Холодные руки напоминают прохладный, наполненный жизнью оазис посреди пустыни, а кожа — соляные рудники, когда он оказывается у нужной двери слишком быстро. Тонкая рука мучительно медленно тянется к деревянной двери, намереваясь постучать, но уже в пятый раз дрожит так, что словно лихорадкой, берет власть над всем телом. Не в первый раз он смотрит по сторонам. Высокие полные вазы с декоративными цветами, яркая лужайка солнечного цвета с играющими в прятки меж стройных травинок лучиками полуденного солнца, небольшой почтовый ящик, украшенный искусной резьбой и вырезанными из картона цветами, утопающими в блестках.

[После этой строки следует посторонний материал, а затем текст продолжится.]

(* Let $P$ be a span program and $x$ an input, and let $S,T$ be positive-definite diagonal $|J|\times|J|$ matrices. Then $$\mathrm{wsize}_{S\sqrt{1+T}}(P,x)\le\mathrm{wsize}_S(P,x)\,(1+\|T\|),\qquad \mathrm{wsize}_{\sqrt{S^2+T^2}}(P,x)\le\mathrm{wsize}_S(P,x)+O(\|T\|^2),$$ where the constant in $O(\cdot)$ depends only on $P$. In particular, fix input complexities $U_i$ with grouped input complexities $\tilde U_j$. Let $\tilde U'_j>0$ ($j\in J$) satisfy $\tilde U'_j\lesssim\tilde U_j$ for all $j$, and let $\tilde U'=\sum_j\tilde U'_j|j\rangle\langle j|$. Then $$\mathrm{wsize}_{\sqrt{\tilde U'}}(P,x)\lesssim\mathrm{wsize}_{\sqrt{\tilde U}}(P,x)=\mathrm{wsize}(P,x).$$
   Context: A span program $P$ has target $t=(1,0,\dots,0)\in\mathbb{C}^m$ and vectors $v_j$ ($j\in J$) labeled by literal sets $X_j$. Grouped input $j$ is true on $x$ iff all literals in $X_j$ are true. We set $f_P(x)=1$ iff $t$ is in the span of the true $v_j$. Let $\Pi=\sum_{j\text{ true}}|j\rangle\langle j|$ and $A=\sum_j|v_j\rangle\langle j|$. For positive-definite diagonal $S$: - if $f_P(x)=1$, $\mathrm{wsize}_S(P,x)=\min\{\|Sw\|^2:A\Pi w=t\}$; - if $f_P(x)=0$, $\mathrm{wsize}_S(P,x)=\min\{\|SA^\dagger w'\|^2:\langle t|w'\rangle=1,\ \Pi A^\dagger w'=0\}$. Input complexities are positive reals $U_i$, one for each literal occurrence $i\in I_j$ of $X_j$. Grouped input complexities are - $\tilde U_j=\max\{\sum_{i\in I_j}U_i,1\}$ if $j$ is true; - $\tilde U_j=(\sum_{i\in I_j\text{ false}}U_i^{-1})^{-1}$ otherwise. Set $\tilde U=\sum_j\tilde U_j|j\rangle\langle j|$ and $\mathrm{wsize}(P,x)=\mathrm{wsize}_{\sqrt{\tilde U}}(P,x)$. Notation $a\lesssim b$, relative to a real parameter $\lambda$ and the complexities $U_i$: there exist constants $c_1,c_2$ such that $a\le c_1+b(1+c_2|\lambda|\max_iU_i)$. In the conclusion, the constants may depend on those in the hypothesis and on $P$. *)

From HB Require Import structures.
From mathcomp Require Import all_boot all_order all_algebra.
From mathcomp Require Import boolp classical_sets reals.
From mathcomp.real_closed Require Import complex.

Set Implicit Arguments.
Unset Strict Implicit.
Unset Printing Implicit Defensive.

Import Order.TTheory GRing.Theory Num.Theory.
Local Open Scope ring_scope.

(* A literal over n Boolean input variables: (i, b) stands for "x_i = b",
   i.e. (i,true) is x_i and (i,false) is (not x_i). *)
Definition literal (n : nat) := ('I_n * bool)%type.

Definition lit_true (n : nat) (x : {ffun 'I_n -> bool}) (l : literal n) : bool :=
  x l.1 == l.2.

(* A span program with target space C^(m.+1), index set J = 'I_k,
   vectors v_j = column j of spA, labelled by literal sets spX j. *)
Record spanprog (R : realType) (n m k : nat) := SpanProg {
  spA : 'M[R[i]]_(m.+1, k);
  spX : 'I_k -> {set literal n}
}.

Section SpanProgDefs.
Variables (R : realType) (n m k : nat) (P : spanprog R n m k).

Definition target : 'cV[R[i]]_(m.+1) := \col_(a < m.+1) (a == ord0)%:R.

Definition adjmx (p q : nat) (M : 'M[R[i]]_(p, q)) : 'M[R[i]]_(q, p) :=
  map_mx (@conjc R) M^T.

Definition jtrue (x : {ffun 'I_n -> bool}) (j : 'I_k) : bool :=
  [forall l in spX P j, lit_true x l].

Definition PiM (x : {ffun 'I_n -> bool}) : 'M[R[i]]_k :=
  diag_mx (\row_j (jtrue x j)%:R).

Definition fP (x : {ffun 'I_n -> bool}) : Prop :=
  exists w : 'cV[R[i]]_k, spA P *m PiM x *m w = target.

Definition sqn (z : R[i]) : R := complex.Re z ^+ 2 + complex.Im z ^+ 2.

(* ||S w||^2 for S the positive diagonal matrix with diagonal s *)
Definition wnorm (s : 'I_k -> R) (w : 'cV[R[i]]_k) : R :=
  \sum_j s j ^+ 2 * sqn (w j ord0).

Definition pos_witness_sizes (x : {ffun 'I_n -> bool}) (s : 'I_k -> R) : set R :=
  [set r | exists w : 'cV[R[i]]_k, spA P *m PiM x *m w = target /\ r = wnorm s w].

Definition neg_witness_sizes (x : {ffun 'I_n -> bool}) (s : 'I_k -> R) : set R :=
  [set r | exists w' : 'cV[R[i]]_(m.+1),
     (adjmx target *m w') ord0 ord0 = 1 /\
     PiM x *m adjmx (spA P) *m w' = 0 /\
     r = wnorm s (adjmx (spA P) *m w')].

(* wsize_S(P,x), S = diag(s); the minimum is written as an infimum *)
Definition wsize (x : {ffun 'I_n -> bool}) (s : 'I_k -> R) : R :=
  if `[< fP x >] then inf (pos_witness_sizes x s) else inf (neg_witness_sizes x s).

Definition diag_opnorm (t : 'I_k -> R) : R := \big[Num.max/0]_j `|t j|.

(* Input complexities: U j l for each literal occurrence l in X_j. *)
Definition grouped_cplx (x : {ffun 'I_n -> bool}) (U : 'I_k -> literal n -> R)
    (j : 'I_k) : R :=
  if jtrue x j then Num.max (\sum_(l in spX P j) U j l) 1
  else (\sum_(l in spX P j | ~~ lit_true x l) (U j l)^-1)^-1.

Definition maxU (U : 'I_k -> literal n -> R) : R :=
  \big[Num.max/0]_j \big[Num.max/0]_(l in spX P j) U j l.

Definition wsizeU (x : {ffun 'I_n -> bool}) (U : 'I_k -> literal n -> R) : R :=
  wsize x (fun j => Num.sqrt (grouped_cplx x U j)).

End SpanProgDefs.

(* a <~ b relative to lambda and U, with explicit constants c1 c2:
   a <= c1 + b (1 + c2 |lambda| max_i U_i) *)
Definition lesssim_with (R : realType) (c1 c2 lam mU a b : R) : Prop :=
  a <= c1 + b * (1 + c2 * `|lam| * mU).

From HB Require Import structures.
From mathcomp Require Import all_boot all_order all_algebra.
From mathcomp Require Import boolp classical_sets reals.
From mathcomp.real_closed Require Import complex.
From mathcomp Require Import ring lra.
Import Order.TTheory GRing.Theory Num.Theory.
Local Open Scope ring_scope.

(* If S'^2 <= a S^2 + b entrywise then ||S' w||^2 <= a ||S w||^2 + b ||w||^2, so
   all three inequalities follow once every witness can be replaced by one that
   is coordinatewise no larger in modulus and whose entries are bounded by a
   constant depending only on P.  The witnesses form an affine space.  A
   witness that is not determined by its support lies on a line of witnesses
   inside its support; it is then dominated by, or a sign-preserving convex
   combination of, the points where that line first leaves the closed orthant
   of the witness, which have smaller support.  Induction on the support thus
   reduces everything to the witnesses determined by their support, of which
   there are finitely many. *)

Lemma finite_uniform_bound (R : realType) (T : finType) (Q : T -> R -> Prop) :
  (forall x c c', c <= c' -> Q x c -> Q x c') -> (forall x, exists c, Q x c) ->
  exists c, forall x, Q x c.
Proof.
move=> Qmono Qex.
suff [c Qc] : exists c, forall x, x \in enum T -> Q x c.
  by exists c => x; apply: Qc; rewrite mem_enum.
elim: (enum T) => [|a s [c Qc]]; first by exists 0.
have [ca Qa] := Qex a.
exists (Num.max c ca) => x; rewrite inE => /orP[/eqP->|xs].
  by apply: Qmono Qa; rewrite le_max lexx orbT.
by apply: Qmono (Qc x xs); rewrite le_max lexx.
Qed.

Lemma norm_le_of_mul (R : realDomainType) (a b : R) :
  b != 0 -> 0 <= a * b -> a * b <= b * b -> `|a| <= `|b|.
Proof.
move=> b0 ab_ge0 ab_le; have b_gt0 : 0 < `|b| by rewrite normr_gt0.
rewrite -(ler_pM2r b_gt0) -!normrM.
by rewrite (ger0_norm ab_ge0) ger0_norm // -expr2 sqr_ge0.
Qed.

Lemma normD_same_sign (R : realDomainType) (u v : R) :
  0 <= u * v -> `|u + v| = `|u| + `|v|.
Proof.
move=> uv; have [u0|u0] := leP 0 u.
  have [v0|v0] := leP 0 v; first by rewrite !ger0_norm ?addr_ge0.
  have -> : u = 0 by apply/eqP; rewrite eq_le u0 andbT; nra.
  by rewrite add0r normr0 add0r.
have v0 : v <= 0 by nra.
have uv0 : u + v <= 0 by lra.
by rewrite !ler0_norm ?(ltW u0) // opprD.
Qed.

Lemma sqr_le_sqr_norm (R : realDomainType) (a b : R) :
  `|a| <= `|b| -> a ^+ 2 <= b ^+ 2.
Proof.
move=> ab; rewrite -(real_normK (num_real a)) -(real_normK (num_real b)).
by rewrite lerXn2r ?nnegrE.
Qed.

Section DominatedBoundedPoint.
Variables (R : realType) (I : finType) (L : (I -> R) -> Prop).
Hypothesis L_affine : forall (y1 y2 : I -> R) (tau : R), L y1 -> L y2 ->
  L (fun i => y1 i + tau * (y2 i - y1 i)).

Definition supp (y : I -> R) : {set I} := [set i | y i != 0].

(* The vectors of [L] determined by their support, i.e. the vertices of the
   intersections of [L] with closed orthants. *)
Definition basic (v : I -> R) := L v /\
  forall v', L v' -> (forall i, v i = 0 -> v' i = 0) -> forall i, v' i = v i.

Definition shrinkable (M : R) (y : I -> R) :=
  exists2 y0, L y0 & forall i, `|y0 i| <= `|y i| /\ `|y0 i| <= M.

Lemma basic_bounded : exists M, forall v, basic v -> forall i, `|v i| <= M.
Proof.
have [M hM] : exists M, forall S v, basic v -> supp v = S -> forall i, `|v i| <= M.
  apply: (@finite_uniform_bound _ _
    (fun S M => forall v, basic v -> supp v = S -> forall i, `|v i| <= M)).
    by move=> S c c' le h v bv sv i; apply: le_trans (h v bv sv i) le.
  move=> S; have [[v0 [bv0 sv0]]|nex] := pselect (exists v, basic v /\ supp v = S).
    exists (\sum_i `|v0 i|) => v bv sv i.
    have -> : v i = v0 i.
      apply: (bv0.2 v bv.1) => l v0l.
      have : l \notin supp v by rewrite sv -sv0 inE v0l eqxx.
      by rewrite inE negbK => /eqP.
    by rewrite (bigD1 i) //= lerDl sumr_ge0.
  by exists 0 => v bv sv; exfalso; apply: nex; exists v.
by exists M => v bv i; apply: (hM (supp v)).
Qed.

Lemma supp_shrink (y y' : I -> R) i0 :
  (forall i, y i = 0 -> y' i = 0) -> y' i0 = 0 -> y i0 != 0 ->
  (#|supp y'| < #|supp y|)%N.
Proof.
move=> y'0 y'i0 yi0.
have sub : supp y' \subset supp y :\ i0.
  apply/fintype.subsetP=> i; rewrite !inE => y'i; apply/andP; split.
    by apply: contraNneq y'i => ->; rewrite y'i0.
  by apply: contraNneq y'i => /y'0 ->.
by have := subset_leq_card sub; rewrite (cardsD1 i0 (supp y)) inE yi0.
Qed.

(* Move from [y] along [z] until the first coordinate that [z] pulls towards
   zero vanishes; no coordinate changes sign on the way. *)
Lemma first_zero_on_line {y z : I -> R} : (exists i, z i * y i < 0) ->
  exists2 t, 0 < t & (exists2 i0, z i0 * y i0 < 0 & y i0 + t * z i0 = 0) /\
    forall i, 0 <= (y i + t * z i) * y i.
Proof.
move=> [i1 Ni1].
case: (@arg_minP _ _ _ i1 (fun i => z i * y i < 0) (fun i => - y i / z i) Ni1).
move=> i0 /= Ni0 i0_min.
have zi0 : z i0 != 0 by apply: contraTneq Ni0 => ->; rewrite mul0r ltxx.
have t_gt0 : 0 < - y i0 / z i0.
  have -> : - y i0 / z i0 = - (z i0 * y i0) / z i0 ^+ 2 by field.
  by rewrite divr_gt0 ?oppr_gt0 // exprn_even_gt0 //= zi0.
exists (- y i0 / z i0) => //; split; first by exists i0; rewrite // mulfVK ?subrr.
move: t_gt0; set t := - y i0 / z i0 => t_gt0 i.
have [Ni|zy] := ltP (z i * y i) 0; last by nra.
have zi : z i != 0 by apply: contraTneq Ni => ->; rewrite mul0r ltxx.
have le_ratio : t <= - y i / z i := i0_min i Ni.
have : - y i / z i * (z i * y i) <= t * (z i * y i).
  exact: (ler_wnM2r (ltW Ni) le_ratio).
rewrite mulrA mulfVK //; nra.
Qed.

Чуть слышно работают поливальные устройства. Как долго здесь длится лето? Тяжелая дверь чуть ли не слетает с петель после первого же стука. Его ждали, как и в тот раз. Как и всегда. Его голубым, наполненным успокаивающим холодом, колкими льдинками с вкраплениями сахарной посыпки глазам, всегда улыбающимся в ответ, заботливым рукам, нежному голосу, сутулым плечам и чуткому, доброму сердцу всегда были рады здесь. И все это хозяйка дома была рада заполучить за 30$ хотя бы на полтора часа, каждый четверг недели. И, не кривя душой, ждала его прихода, искренне надеясь, что он не передумает. — Здравствуй, Луи, — она любезно пропускает его внутрь; в ее улыбке он видит мягкую постель, душистое мыло и теплое молоко с домашним печеньем. — Проходи, мы тебя ждали. Он плавно переступает порог, перед этим бросив неловкий взгляд на окно второго этажа. Кто-то шустро одернул нежную занавеску с лавандовым узором. Наверху хлопнула дверь.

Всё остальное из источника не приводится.